With 10M daily learners, Duolingo's team halted feature development for two months to fix their architecture. They migrated from a monolithic global state object to MVVM with Dagger and Hilt, fundamentally restructuring how their Android app handles state and dependencies.
Key Takeaways
- One release increased crashes 10%, slowed renders 25%, lessons 70% slower
- MVVM migration cut ANR rate 41%, improved frame consistency 28%
- Breaking monolithic DuoState into scoped repositories eliminated cascading updates
- Two month feature freeze to refactor paid off in sustained performance
Duolingo shipped new features for six months post-refactor without significant performance regressions, ending a cycle of monthly degradation.
About This Article
Duolingo's global DuoState object created tight coupling throughout the codebase.

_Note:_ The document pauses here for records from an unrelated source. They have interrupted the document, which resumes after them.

(* Let $U$ and $\widetilde{U}$ be as defined in the context, let $a\in\mathbb{N}_1$ and $l\in\mathbb{N}_1$ with $U^l(a)=a$. Then for every $x\in\mathbb{R}_0$ the following are equivalent: (i) the parity sequence $\mathcal{P}_{\widetilde U}(x)=(\lfloor \widetilde U^i(x)\rfloor \bmod 2)_{i\ge 0}$ is eventually periodic with period $\tilde s=(1-(a\bmod 2),\,1-(U(a)\bmod 2),\dots,1-(U^{l-1}(a)\bmod 2))$, i.e. there is $j\in\mathbb{N}_0$ such that $(\lfloor \widetilde U^{i}(x)\rfloor\bmod 2,\dots,\lfloor \widetilde U^{i+l-1}(x)\rfloor\bmod 2)=\tilde s$ for all $i=j+ml$, $m\in\mathbb{N}_0$; (ii) $\mathcal{T}_{\widetilde U}(x)$ tends to $\{U^t(a)\}$ from below, i.e. there is $j_0\in\mathbb{N}_0$ such that for every $j\in\{0,1,\dots,l-1\}$ the sequence $\big(\widetilde U^{kl}(\widetilde U^{j+j_0}(x))\big)_{k\ge 0}$ converges to $U^j(a)$ as $k\to\infty$ and all of its terms are strictly less than $U^j(a)$.
   Context: $\mathbb{R}_0=\{x\ge0\}$, $\mathbb{R}_1=\{x\ge1\}$, $\mathbb{N}_0=\{0,1,2,\dots\}$, $\mathbb{N}_1=\{1,2,\dots\}$, $\lfloor x\rfloor$ is the floor. $U:\mathbb{R}_1\to\mathbb{R}_1$: $U(x)=x/2$ if $\lfloor x\rfloor$ even, $U(x)=(3x+1)/2$ if $\lfloor x\rfloor$ odd. $\widetilde U:\mathbb{R}_0\to\mathbb{R}_0$: $\widetilde U(x)=(3x+1)/2$ if $\lfloor x\rfloor$ even, $\widetilde U(x)=x/2$ if $\lfloor x\rfloor$ odd. Iterates: $f^0=\mathrm{id}$, $f^i=f\circ f^{i-1}$; $\mathcal{T}_f(x)=(f^i(x))_{i\ge0}$. *)

From Stdlib Require Import Reals ZArith Lra.
Open Scope R_scope.

(* floor x = Int_part x (Stdlib: Int_part x = up x - 1, the floor). *)
Definition floorZ (x : R) : Z := Int_part x.

Definition Ucol (x : R) : R :=
  if Z.even (floorZ x) then x / 2 else (3 * x + 1) / 2.

Definition Ut (x : R) : R :=
  if Z.even (floorZ x) then (3 * x + 1) / 2 else x / 2.

Definition itR (f : R -> R) (n : nat) (x : R) : R := Nat.iter n f x.

Definition par (y : R) : Z := (floorZ y mod 2)%Z.

(* Along the cycle a, U(a), ..., U^(l-1)(a) of positive integers, U acts at step r as the
   affine map y |-> y/2 or y |-> (3y+1)/2 selected by the parity of U^r(a), and Ũ uses the
   same branch at every real point whose floor has the opposite parity.  Hence while the
   parities of a Ũ-orbit follow the complemented pattern, its distance to the U-cycle is
   multiplied over each period by a fixed factor lam = (product of the slopes), and
   lam < 1 because lam * a <= U^l(a) = a while lam = c / 2^l with c odd.  The deviation then
   tends to 0 geometrically, and it must be negative: a deviation in [0, 1) would give the
   orbit point the parity of the cycle point itself.  Conversely, an orbit converging to
   the cycle from below eventually lies in [U^r(a) - 1, U^r(a)), whose floors have the
   complemented parity. *)
From Stdlib Require Import Reals ZArith Lra Lia.
Open Scope R_scope.

Lemma itR_add (g : R -> R) (p q : nat) (y : R) : itR g (p + q) y = itR g p (itR g q y).
Proof. unfold itR. apply Nat.iter_add. Qed.

Lemma floorZ_unique (n : Z) (y : R) : IZR n <= y < IZR n + 1 -> floorZ y = n.
Proof. intros H. unfold floorZ. symmetry. apply Int_part_spec. lra. Qed.

Lemma par_IZR (n : Z) : par (IZR n) = (n mod 2)%Z.
Proof. unfold par. rewrite (floorZ_unique n); [reflexivity | lra]. Qed.

Lemma par_below (n : Z) (y : R) :
  IZR n - 1 <= y < IZR n -> par y = (1 - par (IZR n))%Z.
Proof.
  intros Hy. rewrite par_IZR. unfold par.
  rewrite (floorZ_unique (n - 1)) by (rewrite minus_IZR; lra).
  rewrite !Zmod_even, Z.even_sub. now destruct (Z.even n).
Qed.

Lemma par_above (n : Z) (y : R) :
  IZR n <= y < IZR n + 1 -> par y <> (1 - par (IZR n))%Z.
Proof.
  intros Hy. unfold par at 1. rewrite (floorZ_unique n y Hy), par_IZR.
  pose proof (Z.mod_pos_bound n 2). lia.
Qed.

Definition branch (e : bool) (y : R) : R := if e then y / 2 else (3 * y + 1) / 2.

Definition slope (e : bool) : R := if e then / 2 else 3 / 2.

Lemma branch_sub (e : bool) (y z : R) : branch e y - branch e z = slope e * (y - z).
Proof. destruct e; unfold branch, slope; lra. Qed.

Lemma slope_le_branch (e : bool) (y : R) : slope e * y <= branch e y.
Proof. destruct e; unfold branch, slope; lra. Qed.

Lemma slope_pos (e : bool) : 0 < slope e.
Proof. destruct e; unfold slope; lra. Qed.

Lemma Ut_branch (n : Z) (y : R) :
  par y = (1 - par (IZR n))%Z -> Ut y = branch (Z.even n) y.
Proof.
  rewrite par_IZR. unfold par, Ut, branch. rewrite !Zmod_even.
  destruct (Z.even (floorZ y)), (Z.even n); easy.
Qed.

Definition Uint (n : Z) : Z := if Z.even n then (n / 2)%Z else ((3 * n + 1) / 2)%Z.

Lemma IZR_Uint (n : Z) : IZR (Uint n) = branch (Z.even n) (IZR n).
Proof.
  unfold Uint, branch. destruct (Z.even n) eqn:He.
  - apply Z.even_spec in He as [k ->].
    rewrite Z.mul_comm, Z.div_mul, mult_IZR by lia. lra.
  - assert (Ho : Z.odd n = true) by now rewrite <- Z.negb_even, He.
    apply Z.odd_spec in Ho as [k ->].
    replace (3 * (2 * k + 1) + 1)%Z with ((3 * k + 2) * 2)%Z by ring.
    rewrite Z.div_mul by lia. rewrite !plus_IZR, !mult_IZR. lra.
Qed.

Lemma Ucol_IZR (n : Z) : Ucol (IZR n) = IZR (Uint n).
Proof.
  rewrite IZR_Uint. unfold Ucol, branch. now rewrite (floorZ_unique n) by lra.
Qed.

Lemma Uint_ge1 (n : Z) : (1 <= n)%Z -> (1 <= Uint n)%Z.
Proof.
  intros Hn. pose proof (IZR_Uint n) as E. apply IZR_le in Hn.
  assert (H : 1 / 2 <= IZR (Uint n)) by (rewrite E; destruct (Z.even n); unfold branch; lra).
  destruct (Z_lt_le_dec (Uint n) 1) as [Hlt | ]; [| assumption].
  assert (Hle : (Uint n <= 0)%Z) by lia. apply IZR_le in Hle. lra.
Qed.

Lemma pow_lt_eventually (lam eps : R) :
  0 < lam < 1 -> 0 < eps -> exists N, forall n, (N <= n)%nat -> lam ^ n < eps.
Proof.
  intros Hlam Heps.
  destruct (pow_lt_1_zero lam ltac:(rewrite Rabs_pos_eq; lra) eps Heps) as [N HN].
  exists N. intros n Hn. specialize (HN n Hn).
  now rewrite Rabs_pos_eq in HN by (apply pow_le; lra).
Qed.

Lemma Un_cv_geometric (c b lam : R) :
  0 < lam < 1 -> Un_cv (fun k => c + b * lam ^ k) c.
Proof.
  intros Hlam eps Heps.
  destruct (pow_lt_eventually lam (eps / (Rabs b + 1)) Hlam) as [N HN].
  { apply Rdiv_lt_0_compat; [lra | pose proof (Rabs_pos b); lra]. }
  exists N. intros n Hn. specialize (HN n Hn). unfold R_dist.
  replace (c + b * lam ^ n - c) with (b * lam ^ n) by ring.
  pose proof (pow_lt lam n ltac:(lra)).
  rewrite Rabs_mult, (Rabs_pos_eq (lam ^ n)) by lra.
  pose proof (Rabs_pos b).
  apply Rmult_lt_compat_l with (r := Rabs b + 1) in HN; [| lra].
  replace ((Rabs b + 1) * (eps / (Rabs b + 1))) with eps in HN by (field; lra).
  nra.
Qed.

Lemma deviation_neg (n : Z) (lam d : R) :
  0 < lam < 1 ->
  (forall m, par (IZR n + lam ^ m * d) = (1 - par (IZR n))%Z) -> d < 0.
Proof.
  intros Hlam Hpar.
  destruct (Rlt_or_le d 0) as [| [Hd | <-]]; [assumption | exfalso | exfalso].
  - (* some lam^m d lands in (0, 1), where the floor is n itself *)
    destruct (pow_lt_eventually lam (/ d) Hlam) as [N HN]; [now apply Rinv_0_lt_compat |].
    specialize (HN N (le_n N)). pose proof (pow_lt lam N ltac:(lra)).
    apply Rmult_lt_compat_r with (r := d) in HN; [| lra].
    rewrite Rinv_l in HN by lra.
    apply (par_above n (IZR n + lam ^ N * d)); [nra | apply Hpar].
  - apply (par_above n (IZR n + lam ^ 0 * 0)); [lra | apply Hpar].
Qed.

Lemma Un_cv_family_near (n : nat) (u : nat -> nat -> R) (c : nat -> R) (eps : R) :
  0 < eps -> (forall r, (r < n)%nat -> Un_cv (u r) (c r)) ->
  exists K, forall r k, (r < n)%nat -> (K <= k)%nat -> R_dist (u r k) (c r) < eps.
Proof.
  intros Heps. induction n as [| n IH]; intros Hcv.
  - exists 0%nat. intros r k Hr. lia.
  - destruct IH as [K1 HK1]; [intros r Hr; apply Hcv; lia |].
    destruct (Hcv n (Nat.lt_succ_diag_r n) eps Heps) as [K2 HK2].
    exists (Nat.max K1 K2). intros r k Hr Hk.
    destruct (Nat.eq_dec r n) as [-> | Hne]; [apply HK2 | apply HK1]; lia.
Qed.

Lemma converges_from_below_par (l : nat) (z : nat -> nat -> R) (c : nat -> Z) :
  (forall r, (r < l)%nat -> Un_cv (z r) (IZR (c r)) /\ forall k, z r k < IZR (c r)) ->
  exists K, forall r k, (r < l)%nat -> (K <= k)%nat ->
    par (z r k) = (1 - par (IZR (c r)))%Z.
Proof.
  intros Hz.
  destruct (Un_cv_family_near l z (fun r => IZR (c r)) 1 Rlt_0_1) as [K HK].
  { intros r Hr. apply Hz, Hr. }
  exists K. intros r k Hr Hk. apply par_below.
  specialize (HK r k Hr Hk). unfold R_dist in HK. apply Rabs_def2 in HK.
  pose proof (proj2 (Hz r Hr) k). lra.
Qed.

Section Cycle.

Variable a : nat.
Hypothesis ha : (1 <= a)%nat.

Definition orbit (r : nat) : Z := Nat.iter r Uint (Z.of_nat a).

Lemma orbit_ge1 (r : nat) : (1 <= orbit r)%Z.
Proof. induction r as [| r IH]; [simpl; lia | now apply Uint_ge1]. Qed.

Lemma itR_Ucol_orbit (r : nat) : itR Ucol r (INR a) = IZR (orbit r).
Proof.
  induction r as [| r IH]; [apply INR_IZR_INZ |].
  change (Ucol (itR Ucol r (INR a)) = IZR (Uint (orbit r))).
  now rewrite IH, Ucol_IZR.
Qed.

Fixpoint slope_prod (r : nat) : R :=
  match r with O => 1 | S r' => slope (Z.even (orbit r')) * slope_prod r' end.

Lemma slope_prod_pos (r : nat) : 0 < slope_prod r.
Proof.
  induction r as [| r IH]; simpl; [lra |].
  apply Rmult_lt_0_compat; [apply slope_pos | exact IH].
Qed.

Lemma slope_prod_le_orbit (r : nat) : slope_prod r * IZR (orbit 0) <= IZR (orbit r).
Proof.
  induction r as [| r IH]; simpl slope_prod; [simpl; lra |].
  change (orbit (S r)) with (Uint (orbit r)). rewrite IZR_Uint.
  pose proof (slope_le_branch (Z.even (orbit r)) (IZR (orbit r))).
  pose proof (slope_pos (Z.even (orbit r))). nra.
Qed.

Fixpoint slope_num (r : nat) : Z :=
  match r with
  | O => 1%Z
  | S r' => if Z.even (orbit r') then slope_num r' else (3 * slope_num r')%Z
  end.

Lemma slope_prod_pow2 (r : nat) : slope_prod r * 2 ^ r = IZR (slope_num r).
Proof.
  induction r as [| r IH]; cbn [slope_prod slope_num pow]; [lra |].
  destruct (Z.even (orbit r)); unfold slope; rewrite ?mult_IZR, <- IH; field.
Qed.

Lemma slope_num_odd (r : nat) : Z.odd (slope_num r) = true.
Proof.
  induction r as [| r IH]; [reflexivity | cbn [slope_num]].
  destruct (Z.even (orbit r)); [exact IH | now rewrite Z.odd_mul, IH].
Qed.

Lemma slope_prod_neq1 (r : nat) : (0 < r)%nat -> slope_prod r <> 1.
Proof.
  intros Hr Heq. pose proof (slope_prod_pow2 r) as H2. rewrite Heq, Rmult_1_l in H2.
  destruct r as [| r]; [lia |].
  rewrite pow_IZR, Nat2Z.inj_succ, Z.pow_succ_r in H2 by lia.
  apply eq_IZR in H2. pose proof (slope_num_odd (S r)) as Hodd.
  rewrite <- H2, Z.odd_mul in Hodd. discriminate.
Qed.

Lemma Ut_shadow (n : nat) (y : R) :
  (forall r, (r < n)%nat -> par (itR Ut r y) = (1 - par (IZR (orbit r)))%Z) ->
  itR Ut n y - IZR (orbit n) = slope_prod n * (y - IZR (orbit 0)).
Proof.
  induction n as [| n IH]; intros Hpar; simpl slope_prod; [simpl; lra |].
  change (Ut (itR Ut n y) - IZR (Uint (orbit n)) =
          slope (Z.even (orbit n)) * slope_prod n * (y - IZR (orbit 0))).
  rewrite (Ut_branch (orbit n)) by (apply Hpar; lia).
  rewrite IZR_Uint, branch_sub, IH by (intros r Hr; apply Hpar; lia). ring.
Qed.

Variable l : nat.
Hypothesis hl : (1 <= l)%nat.
Hypothesis hper : itR Ucol l (INR a) = INR a.

Lemma orbit_period : orbit l = orbit 0.
Proof. apply eq_IZR. rewrite <- itR_Ucol_orbit, hper. apply INR_IZR_INZ. Qed.

Lemma slope_prod_lt1 : slope_prod l < 1.
Proof.
  pose proof (slope_prod_le_orbit l) as H. rewrite orbit_period in H.
  pose proof (IZR_le _ _ (orbit_ge1 0)). pose proof (slope_prod_neq1 l hl). nra.
Qed.

Lemma Ut_shadow_periods (y : R) :
  (forall m r, (r < l)%nat -> par (itR Ut (m * l + r) y) = (1 - par (IZR (orbit r)))%Z) ->
  forall m, itR Ut (m * l) y - IZR (orbit 0) = slope_prod l ^ m * (y - IZR (orbit 0)).
Proof.
  intros Hpar m. induction m as [| m IH]; [simpl; lra |].
  replace (S m * l)%nat with (l + m * l)%nat by lia.
  rewrite itR_add, <- orbit_period at 1.
  rewrite Ut_shadow, IH; [simpl; ring |].
  intros r Hr. rewrite <- itR_add, Nat.add_comm. now apply Hpar.
Qed.

Lemma par_pattern_converges_from_below (y : R) :
  (forall m r, (r < l)%nat -> par (itR Ut (m * l + r) y) = (1 - par (IZR (orbit r)))%Z) ->
  forall j, (j < l)%nat ->
    Un_cv (fun k => itR Ut (k * l) (itR Ut j y)) (IZR (orbit j)) /\
    forall k, itR Ut (k * l) (itR Ut j y) < IZR (orbit j).
Proof.
  intros Hpar j Hj.
  set (lam := slope_prod l). set (d := y - IZR (orbit 0)).
  assert (Hlam : 0 < lam < 1) by (split; [apply slope_prod_pos | apply slope_prod_lt1]).
  assert (Hdev : forall m, itR Ut (m * l) y = IZR (orbit 0) + lam ^ m * d).
  { intros m. unfold lam, d. rewrite <- Ut_shadow_periods by exact Hpar. ring. }
  assert (Hd : d < 0).
  { apply (deviation_neg (orbit 0) lam d Hlam). intros m.
    rewrite <- Hdev, <- (Nat.add_0_r (m * l)). now apply Hpar. }
  assert (Hk : forall k, itR Ut (k * l) (itR Ut j y) =
                         IZR (orbit j) + slope_prod j * d * lam ^ k).
  { intros k. rewrite <- itR_add, Nat.add_comm, itR_add.
    rewrite <- (Rplus_minus (IZR (orbit j)) (itR Ut j _)), Ut_shadow, Hdev; [ring |].
    intros r Hr. rewrite <- itR_add, Nat.add_comm. apply Hpar. lia. }
  split.
  - apply (Un_cv_ext (fun k => IZR (orbit j) + slope_prod j * d * lam ^ k)).
    + intros k. symmetry. apply Hk.
    + now apply Un_cv_geometric.
  - intros k. rewrite Hk. pose proof (slope_prod_pos j). pose proof (pow_lt lam k ltac:(lra)).
    assert (0 < slope_prod j * lam ^ k) by now apply Rmult_lt_0_compat. nra.
Qed.

End Cycle.

Theorem proposition2 (a l : nat) (ha : (1 <= a)%nat) (hl : (1 <= l)%nat)
  (hper : itR Ucol l (INR a) = INR a) (x : R) (hx : 0 <= x) :
  (exists j : nat, forall m r : nat, (r < l)%nat ->
      par (itR Ut (j + m * l + r) x) = (1 - par (itR Ucol r (INR a)))%Z)
  <->
  (exists j0 : nat, forall j : nat, (j < l)%nat ->
      Un_cv (fun k => itR Ut (k * l) (itR Ut (j + j0) x)) (itR Ucol j (INR a)) /\
      (forall k : nat, itR Ut (k * l) (itR Ut (j + j0) x) < itR Ucol j (INR a))).
Proof.
  split.
  - intros [j Hpar]. exists j. intros jj Hjj.
    rewrite itR_Ucol_orbit, itR_add.
    apply (par_pattern_converges_from_below a ha l hl hper); [| exact Hjj].
    intros m r Hr. rewrite <- itR_add, <- itR_Ucol_orbit.
    replace (m * l + r + j)%nat with (j + m * l + r)%nat by lia. now apply Hpar.
  - intros [j0 Hcv].
    destruct (converges_from_below_par l
                (fun r k => itR Ut (k * l) (itR Ut (r + j0) x)) (orbit a)) as [K HK].
    { intros r Hr. rewrite <- itR_Ucol_orbit. now apply Hcv. }
    exists (j0 + K * l)%nat. intros m r Hr.
    rewrite itR_Ucol_orbit.
    replace (j0 + K * l + m * l + r)%nat with ((K + m) * l + (r + j0))%nat by lia.
    rewrite itR_add. apply HK; lia.
Qed.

Updates cascaded unpredictably, causing rendering performance to degrade and crashes to spike with each release.
The team switched to MVVM architecture using Dagger and Hilt for dependency injection. They broke up the monolithic state into smaller scoped repository objects, which let multiple modules run on separate threads.
After the refactor, Duolingo saw a 41% drop in daily ANR rate, 28% improvement in frame rate consistency, and 40% faster scrolling over six months of ongoing feature work.